Hi everybody!
In the case of writing new distribution in pymc3, I’m trying to write a defined distribution in the program to compare its result with pymc3 itself (in this way, I can extend the strategy to undefined distributions). For this approach, my choice was exponential distribution and my code is:
Blockquote
import theano.tensor as tt
def expo(lam):
def logp(x):
return tt.log(lam) -lam*x
return logp
with pm.Model():
s = pm.Uniform(‘s’,0,10)
obs = pm.DensityDist(‘obs’,expo(s),observed = 3)
trace = pm.sample(20000)
with pm.Model():
s1 = pm.Uniform(‘s1’,0,10)
obs1 = pm.Exponential(‘obs1’,lam = s1,observed = 3)
trace1 = pm.sample(20000)
sns.distplot(trace[‘s’])
sns.distplot(trace1[‘s1’])
plt.legend([‘khodam’,‘py’])
plt.show()
when I run this code, suddenly my kernel dies!! with this message on the display: ‘The kernel appears to have died.

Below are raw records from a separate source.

(* Let $n\ge2$, $m\ge2$ be integers, let $\mathcal{V}=\mathcal{V}_1\otimes\dots\otimes\mathcal{V}_m$ be a tensor product of vector spaces over a field $\mathbb{F}$, and let $\{x_a : a\in[n]\}$ be a multiset of product tensors with $x_a=x_{a,1}\otimes\dots\otimes x_{a,m}$. For $S\subseteq[n]$ and $j\in[m]$ let $d_j^S=\dim\operatorname{span}\{x_{a,j}:a\in S\}$. If for every subset $S \subseteq [n]$ with $2\leq |S| \leq n$ it holds that $|S| \leq\sum_{j=1}^m (d_j^S-1)$, then the set of product tensors lying in $\operatorname{span}\{x_a : a \in [n]\}$ equals $\mathbb{F}^\times x_1 \sqcup \dots \sqcup \mathbb{F}^\times x_n$ (i.e., every product tensor in this span is a non-zero scalar multiple of some $x_a$).
   Context: $[n]=\{1,\dots,n\}$. A product tensor is a non-zero tensor $z_1\otimes\dots\otimes z_m$, $z_j\in\mathcal{V}_j$. $\mathbb{F}^\times$ denotes the non-zero scalars. *)

From HB Require Import structures.
From mathcomp Require Import all_boot all_order all_algebra.
Set Implicit Arguments. Unset Strict Implicit. Unset Printing Implicit Defensive.
Import GRing.Theory.
Local Open Scope ring_scope.

(* The tensor product V_1 (x) ... (x) V_m of V_j = F^(d j) (row vectors)
   is modelled in coordinates: a tensor is a function on multi-indices
   i = (i_1,...,i_m), i_j < d j. *)
Notation multi_index d := {dffun forall j, 'I_(d j)}.

Notation tensor F d := {ffun multi_index d -> F^o}.

Definition ptensor (F : fieldType) (m : nat) (d : 'I_m -> nat)
  (z : forall j : 'I_m, 'rV[F]_(d j)) : tensor F d :=
  [ffun i : multi_index d => (\prod_(j < m) z j 0 (i j) : F^o)].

It will restart automatically’. Would you please help me to solve this?!
Thank you
1 Like
Are you on Windows? There are common issues with parallel sampling on Windows that could be behind the kernel dying. You can try setting cores = 1
in pm.sample
and see it solves it.
2 Likes
yes, my OS is windows and (again) yess it worked!.. thank you
Could you tell me what is the role of ‘cores’ in the code?? why should I give 1 to this value?
1 Like
Cores means how many cpu cores will be used for sampling. By default this is 4, meaning PyMC3 will sample 4 chains in parallel. Unfortunately, this often fails on Windows. If you set it cores to 1, PyMC3 will still sample 4 chains, but one at a time.
2 Likes
Hi, I’m facing this same error with a code I was previously able to run before.
Setting up the cores=1
didn’t solve the problem
Im’ using Ubuntu in an virtual box in WIndows
Are you running in a jupyter notebook? If so, you might consider running it as an executable script from the command line as there are often more informative error messages that way. Otherwise, you can try to provide a short example of code that reproduces the error.